@enderland perhaps your manager who did learn it will rise to that level later in life and carry the lesson with him. Either way, if you hide the mistakes of folk doing work - they'll never get better at the work they do.
@LightnessRacesinOrbit eh, not the average employed american. Average working commuter drives 15 miles each way 5 days a week. 5 * 10 = 50 + (5 * 5) = 75 * 2 = 150 * 52 = 10 * 150 * 5 = 1500 * 5 = 5000 + (5 * 500) = 7500 per year just to and from work
@Ampt at Employer^^^ we had a screen in the middle of the cube farm hooked up to some little nothing machine someone setup with a little application that would flip between various countdowns. Usually it was since last release and to next release and since first go-live and since last downtime and stuff like that just random neat things, sometimes people would add countdowns for silly stuff though "Since last drunken outing" or "Until the end of the world" (mayan calendar date)
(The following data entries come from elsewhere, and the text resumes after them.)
(* Let $M,N\ge1$, let $T_1,\dots,T_N\in\mathcal{L}(\ell^\infty_M,\mathbb{R})$, let $\mathscr{T}=\{T_n:1\le n\le N\}$, and let $A:\ell^\infty_M\to\ell^\infty_N$ be given by $Ax=(T_nx)_{n=1}^N$. Then $\mathcal{R}(\mathscr{T})=C_2(A)$ and $\mathcal{R}^\gamma(\mathscr{T})=C_2^\gamma(A)$.
   Context: $(r_n)$ is a Rademacher sequence and $(\gamma_n)$ a sequence of independent standard Gaussians. For a family $\mathscr{T}\subseteq\mathcal{L}(X,Y)$, the $R$-bound $\mathcal{R}(\mathscr{T})$ is the least $C$ such that $(\mathbb{E}\|\sum_{n=1}^k r_nS_nx_n\|^2)^{1/2}\le C(\mathbb{E}\|\sum_{n=1}^k r_nx_n\|^2)^{1/2}$ for all $k$, all $S_1,\dots,S_k\in\mathscr{T}$ (not necessarily distinct) and all $x_1,\dots,x_k\in X$; the $\gamma$-bound $\mathcal{R}^\gamma(\mathscr{T})$ is defined in the same way with Gaussians. For an operator $A\in\mathcal{L}(X,Y)$, $C_2(A)$ (Rademacher cotype 2 constant) is the least $C$ such that $(\sum_{n=1}^k\|Ax_n\|^2)^{1/2}\le C\|\sum_{n=1}^k r_nx_n\|_{L^2(\Omega;X)}$ for all $k$ and $x_1,\dots,x_k\in X$; $C_2^\gamma(A)$ is defined identically with $(\gamma_n)$ in place of $(r_n)$. *)

From Stdlib Require Import Reals.
Open Scope R_scope.

Fixpoint sumR (k : nat) (f : nat -> R) : R :=
  match k with O => 0 | S k' => sumR k' f + f k' end.

Fixpoint supnorm (M : nat) (x : nat -> R) : R :=
  match M with O => 0 | S m => Rmax (supnorm m x) (Rabs (x m)) end.

Definition vcons (t : R) (e : nat -> R) : nat -> R :=
  fun i => match i with O => t | S i' => e i' end.

(* Expectation over k independent Rademacher variables r_0..r_{k-1}:
   average over all 2^k sign choices. *)
Fixpoint Erad (k : nat) (F : (nat -> R) -> R) : R :=
  match k with
  | O => F (fun _ => 0)
  | S k' => (Erad k' (fun e => F (vcons 1 e)) + Erad k' (fun e => F (vcons (-1) e))) / 2
  end.

Definition is_exp_rad (k : nat) (F : (nat -> R) -> R) (v : R) : Prop := v = Erad k F.

(* Improper Riemann integral over R (symmetric truncation; used for
   nonnegative continuous integrands). *)
Definition improper_int (G : R -> R) (v : R) : Prop :=
  forall eps, 0 < eps -> exists A, forall a, A <= a ->
    exists pr : Riemann_integrable G (- a) a, Rabs (RiemannInt pr - v) < eps.

Definition gdens (t : R) : R := exp (- (t * t) / 2) / sqrt (2 * PI).

(* Expectation over k independent standard Gaussians g_0..g_{k-1},
   as an iterated integral against the Gaussian density. *)
Fixpoint is_exp_gauss (k : nat) (F : (nat -> R) -> R) (v : R) : Prop :=
  match k with
  | O => v = F (fun _ => 0)
  | S k' => exists G : R -> R,
      (forall t, is_exp_gauss k' (fun e => F (vcons t e)) (G t)) /\
      improper_int (fun t => gdens t * G t) v
  end.

(* A linear functional on ell^infty_M (vectors are nat -> R, only the
   coordinates 0..M-1 are meaningful). *)
Definition lin_functional (M : nat) (T : (nat -> R) -> R) : Prop :=
  (forall x y, T (fun i => x i + y i) = T x + T y) /\
  (forall a x, T (fun i => a * x i) = a * T x) /\
  (forall x y, (forall i, (i < M)%nat -> x i = y i) -> T x = T y).

Definition rsum (k : nat) (r : nat -> R) (x : nat -> nat -> R) : nat -> R :=
  fun i => sumR k (fun j => r j * x j i).

(* C is an admissible R-bound (E = Rademacher) or gamma-bound (E = Gaussian)
   constant for the family {T_n : n < N} of functionals ell^infty_M -> R. *)
Definition Rbound_const (E : nat -> ((nat -> R) -> R) -> R -> Prop)
    (M N : nat) (T : nat -> (nat -> R) -> R) (C : R) : Prop :=
  forall (k : nat) (idx : nat -> nat) (x : nat -> nat -> R),
    (forall j, (j < k)%nat -> (idx j < N)%nat) ->
    forall a b,
      E k (fun r => Rsqr (sumR k (fun j => r j * T (idx j) (x j)))) a ->
      E k (fun r => Rsqr (supnorm M (rsum k r x))) b ->
      sqrt a <= C * sqrt b.

Definition opA (T : nat -> (nat -> R) -> R) (x : nat -> R) : nat -> R :=
  fun n => T n x.

Definition cotype2_const (E : nat -> ((nat -> R) -> R) -> R -> Prop)
    (M N : nat) (A : (nat -> R) -> (nat -> R)) (C : R) : Prop :=
  forall (k : nat) (x : nat -> nat -> R) b,
    E k (fun r => Rsqr (supnorm M (rsum k r x))) b ->
    sqrt (sumR k (fun j => Rsqr (supnorm N (A (x j))))) <= C * sqrt b.

Definition is_least_const (P : R -> Prop) (c : R) : Prop :=
  P c /\ forall C, P C -> c <= C.

From Stdlib Require Import Reals Lra Lia FunctionalExtensionality.
From Coquelicot Require Import Coquelicot.
From mathcomp Require all_boot all_order all_algebra all_classical all_reals all_analysis.
From mathcomp Require Rstruct Rstruct_topology.
Open Scope R_scope.

(* Rademacher signs and standard Gaussians are both orthonormal:
   E (sum_j r_j c_j)^2 = sum_j c_j^2.  Hence the left-hand side of the R-bound
   inequality for the functionals T_(n_j) is (sum_j |T_(n_j) x_j|^2)^(1/2), which is at
   most (sum_j |A x_j|_oo^2)^(1/2), with equality when every n_j attains
   |A x_j|_oo = max_n |T_n x_j|.  So both inequalities admit exactly the same
   constants, and in particular have the same least one.
   Gaussian orthonormality follows by integrating out one variable at a time, from
   int (a + t c)^2 gdens t dt = a^2 + c^2; the total mass of gdens comes from the
   Gaussian integral of MathComp-Analysis, transported to Coquelicot's Riemann
   integral. *)

(** * Reduction to orthonormal expectations *)

Lemma sumR_ext k f g : (forall j, (j < k)%nat -> f j = g j) -> sumR k f = sumR k g.
Proof.
induction k as [|k IH]; simpl; intros H; [reflexivity|].
rewrite IH by (intros j Hj; apply H; lia). rewrite H by lia. reflexivity.
Qed.

Lemma sumR_le k f g : (forall j, (j < k)%nat -> f j <= g j) -> sumR k f <= sumR k g.
Proof.
induction k as [|k IH]; simpl; intros H; [lra|].
apply Rplus_le_compat; [apply IH; intros j Hj|]; apply H; lia.
Qed.

Lemma sumR_shift k f : sumR (S k) f = f O + sumR k (fun j => f (S j)).
Proof. induction k as [|k IH]; simpl in *; [ring|]. rewrite IH. ring. Qed.

Lemma supnorm_ge0 M y : 0 <= supnorm M y.
Proof.
induction M as [|M IH]; simpl; [lra|]. eapply Rle_trans; [apply IH|apply Rmax_l].
Qed.

Lemma Rabs_le_supnorm M y n : (n < M)%nat -> Rabs (y n) <= supnorm M y.
Proof.
induction M as [|M IH]; intros Hn; [lia|]. simpl.
destruct (Nat.eq_dec n M) as [->|HnM]; [apply Rmax_r|].
eapply Rle_trans; [apply IH; lia|apply Rmax_l].
Qed.

Fixpoint supnorm_argmax (N : nat) (y : nat -> R) : nat :=
  match N with
  | O => O
  | S m => if Rle_dec (supnorm m y) (Rabs (y m)) then m else supnorm_argmax m y
  end.

Lemma supnorm_argmaxP N y : (1 <= N)%nat ->
  (supnorm_argmax N y < N)%nat /\ supnorm N y = Rabs (y (supnorm_argmax N y)).
Proof.
induction N as [|N IH]; intros HN; [lia|]. simpl.
destruct (Rle_dec (supnorm N y) (Rabs (y N))) as [Hle|Hlt].
- split; [lia|]. apply Rmax_right, Hle.
- destruct N as [|N].
  + simpl in Hlt. pose proof (Rabs_pos (y O)). lra.
  + destruct (IH ltac:(lia)) as [_ Heq]. split; [lia|].
    rewrite <- Heq. apply Rmax_left. lra.
Qed.

Definition orthonormal_expectation (E : nat -> ((nat -> R) -> R) -> R -> Prop) : Prop :=
  forall k (c : nat -> R) v,
    E k (fun r => Rsqr (sumR k (fun j => r j * c j))) v <-> v = sumR k (fun j => Rsqr (c j)).

Section Reduction.

Variable E : nat -> ((nat -> R) -> R) -> R -> Prop.
Hypothesis E_orthonormal : orthonormal_expectation E.
Variables (M N : nat) (T : nat -> (nat -> R) -> R).
Hypothesis N_pos : (1 <= N)%nat.

Lemma Rbound_constE C : Rbound_const E M N T C <-> cotype2_const E M N (opA T) C.
Proof.
split.
- intros HR k x b Hb.
  set (idx := fun j => supnorm_argmax N (opA T (x j))).
  assert (Hidx : forall j, (j < k)%nat -> (idx j < N)%nat)
    by (intros j _; apply supnorm_argmaxP, N_pos).
  assert (Ha := proj2 (E_orthonormal k (fun j => T (idx j) (x j)) _) eq_refl).
  replace (sumR k (fun j => Rsqr (supnorm N (opA T (x j)))))
    with (sumR k (fun j => Rsqr (T (idx j) (x j)))) by
    (apply sumR_ext; intros j _;
     rewrite (proj2 (supnorm_argmaxP N (opA T (x j)) N_pos)), <- Rsqr_abs;
     reflexivity).
  exact (HR k idx x Hidx _ _ Ha Hb).
- intros HC k idx x Hidx a b Ha Hb.
  apply E_orthonormal in Ha. subst a.
  eapply Rle_trans; [|apply (HC k x b Hb)].
  apply sqrt_le_1_alt, sumR_le. intros j Hj.
  rewrite (Rsqr_abs (T (idx j) (x j))).
  apply Rsqr_incr_1; [apply (Rabs_le_supnorm N (opA T (x j))), Hidx, Hj
                     |apply Rabs_pos|apply supnorm_ge0].
Qed.

Lemma is_least_Rbound_constE c :
  is_least_const (Rbound_const E M N T) c <->
  is_least_const (cotype2_const E M N (opA T)) c.
Proof.
unfold is_least_const.
split; intros [Hc Hleast]; split; try (apply Rbound_constE, Hc);
  intros C HC; apply Hleast, Rbound_constE, HC.
Qed.

End Reduction.

(** * Rademacher averages *)

Lemma Erad_sqr_affine k : forall (a : R) (c : nat -> R),
  Erad k (fun r => Rsqr (a + sumR k (fun j => r j * c j))) =
  Rsqr a + sumR k (fun j => Rsqr (c j)).
Proof.
induction k as [|k IH]; intros a c; cbn [Erad]; [simpl; unfold Rsqr; ring|].
rewrite (functional_extensionality
           (fun e => Rsqr (a + sumR (S k) (fun j => vcons 1 e j * c j)))
           (fun e => Rsqr ((a + c O) + sumR k (fun j => e j * c (S j))))).
2:{ intros e. rewrite sumR_shift. simpl. f_equal. ring. }
rewrite (functional_extensionality
           (fun e => Rsqr (a + sumR (S k) (fun j => vcons (-1) e j * c j)))
           (fun e => Rsqr ((a - c O) + sumR k (fun j => e j * c (S j))))).
2:{ intros e. rewrite sumR_shift. simpl. f_equal. ring. }
rewrite !IH, sumR_shift. unfold Rsqr. field.
Qed.

Lemma orthonormal_expectation_rad : orthonormal_expectation is_exp_rad.
Proof.
intros k c v. unfold is_exp_rad.
rewrite (functional_extensionality _ (fun r => Rsqr (0 + sumR k (fun j => r j * c j))))
  by (intros r; rewrite Rplus_0_l; reflexivity).
rewrite Erad_sqr_affine, Rsqr_0, Rplus_0_l. apply iff_refl.
Qed.

(** * Gaussian integrals *)

Definition gauss (t : R) : R := exp (- (t * t)).

Lemma continuity_pt_gauss t : continuity_pt gauss t.
Proof.
apply derivable_continuous_pt. unfold gauss. reg.
Qed.

Lemma continuity_pt_inv_1_sqr t : continuity_pt (fun x => / (1 + x * x)) t.
Proof.
apply derivable_continuous_pt. reg. pose proof (Rle_0_sqr t). unfold Rsqr in *. lra.
Qed.

Lemma ex_RInt_continuity f a b : (forall t, continuity_pt f t) -> ex_RInt f a b.
Proof.
intros Hf. apply (ex_RInt_continuous (V:=R_CompleteNormedModule)).
intros t _. apply continuity_pt_filterlim, Hf.
Qed.

Lemma derivable_pt_lim_RInt f a x : (forall t, continuity_pt f t) ->
  derivable_pt_lim (fun y => RInt f a y) x (f x).
Proof.
intros Hf. apply is_derive_Reals, (is_derive_RInt f (fun y => RInt f a y) a x).
- apply filter_forall. intros b.
  apply (RInt_correct (V:=R_CompleteNormedModule)), ex_RInt_continuity, Hf.
- apply continuity_pt_filterlim, Hf.
Qed.

Lemma RInt_inv_1_sqr_01 : RInt (fun x => / (1 + x * x)) 0 1 = PI / 4.
Proof.
rewrite <- atan_1. replace (atan 1) with (atan 1 - atan 0) by (rewrite atan_0; ring).
apply is_RInt_unique, (is_RInt_derive atan).
- intros x _. apply is_derive_Reals.
  replace (1 + x * x) with (1 + x ^ 2) by ring. apply derivable_pt_lim_atan.
- intros x _. apply continuity_pt_filterlim, continuity_pt_inv_1_sqr.
Qed.

Module GaussianIntegral.
Import all_boot all_order all_algebra all_classical all_reals all_analysis.
Import Rstruct Rstruct_topology.
Import Order.TTheory GRing.Theory Num.Theory.
Import numFieldNormedType.Exports.
Local Open Scope classical_set_scope.
Local Open Scope ring_scope.

Lemma derivable_pt_lim_is_derive (f : R^o -> R^o) (x l : R^o) :
  derivable_pt_lim f x l -> is_derive x 1 f l.
Proof.
move=> H.
suff Hc : (fun h : R^o => h^-1 *: ((f \o shift x) (h *: 1) - f x)) @ 0^' --> l.
  apply: DeriveDef; first by apply/cvg_ex; exists l.
  exact/cvg_lim.
apply/cvgrPdist_lt => e /RltP e0.
have [d Hd] := H e e0.
apply/nbhs_ballP; exists (pos d); first exact/RltP/cond_pos.
move=> h /= hb /eqP hn.
have hd : (Rabs h < d)%coqR.
  by move: hb; rewrite -ball_normE /= sub0r normrN => /RltP.
move: (Hd h hn hd) => /RltP.
by rewrite distrC /GRing.scale /= mulr1 (addrC h) mulrC.
Qed.

Lemma integral_itv_RInt (f : R -> R) a b : a < b -> (forall y, continuity_pt f y) ->
  (\int[@lebesgue_measure R]_(x in `[a, b]) (f x)%:E = (RInt f a b)%:E)%E.
Proof.
move=> ab Hf.
have D y : is_derive (y : R^o) 1 (fun z : R^o => RInt f a z : R^o) (f y).
  exact/derivable_pt_lim_is_derive/derivable_pt_lim_RInt.
have cF : continuous (fun z : R^o => RInt f a z : R^o).
  by move=> y; apply/differentiable_continuous/derivable1_diffP; case: (D y).
rewrite (@continuous_FTC2 _ f (fun z => RInt f a z) a b ab).
- by rewrite RInt_point -EFinB subr0.
- by apply: continuous_subspaceT => y; exact/continuity_pt_cvg.
- split.
  + by move=> y _; case: (D y).
  + exact/cvg_at_right_filter/cF.
  + exact/cvg_at_left_filter/cF.
- by move=> y _; rewrite derive1E; case: (D y).
Qed.

(* Both constants are 4 times the integral of 1 / (1 + x^2) over [0, 1]. *)
Lemma pi_PI : pi = PI :> R.
Proof.
have := @integral0_oneDsqr R 1 ler01.
rewrite atan1 /Rintegral (integral_itv_RInt _ _ _ ltr01 continuity_pt_inv_1_sqr) /=.
rewrite RInt_inv_1_sqr_01 IZRposE INRE /= => E.
by apply: (@mulIf _ 4^-1); [rewrite invr_eq0 pnatr_eq0 | rewrite -E].
Qed.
@Telastyn there is a rational partition you can construct based on queryable records for someone querying? If so I think I have a plausible solution.. Depending on the size of that group- would it be reasonable to load just that group into memory temporarily?
@Telastyn What you can do is come up with a cache-size-constraint and evict-on-add where you know you're missing records based on the querying user: They can see records 1400-1500, those aren't in the queryset, dequeue the last group and enqueue 1400-1500. Subsequence queries by that user will have cache-hits
that's based on having the concept of partitioning records to querying users (User A can see record group A), and then you cache groups of records as such.
User A tries to query, record group A is in the in-memory-cache, cache hit: It searches his record group based on his query info. User B tries to query, record group B is not in the in-memory cache and the in-memory cache is at it's size-limit for group-count. Evict record group A and add record group B. (eviction should be FIFO)
Ah distribution tricks it up a touch. You could use redis or some such..
@Telastyn that said, the "add to memory" process would be expensive but doable if you: Hash each searchable field as an each-character-hash. It would bloat like crazy which is why you'd want to only add groups of records at a time rather than all records. It may expose hash specifics but so long as all hashing is done internally - is that a sincere concern? It still protects the PHI per HIPAA
@Telastyn they do. You could do it in RDBMS: User comes into the query page, you immediately evict the oldest hashed record group from a hashed-query-structures section of the DB, and shuffle hashed versions of his queryable data into it.
Hash the column name along with the data and you wouldn't need to make it too complex: EntityTable(EntityId, FirstName, LastName) HashTable(Hash, EntityId) Hash <- SHA('FirstName' + entityTable.FirstName)
then when they query on "FirstName" it salts the hash the same.
So I just talked to my boss about the salary difference. Just gave me the "internal equity" line. Honestly, I don't care what everyone else makes, if they aren't monitoring their salary on their own and shopping around.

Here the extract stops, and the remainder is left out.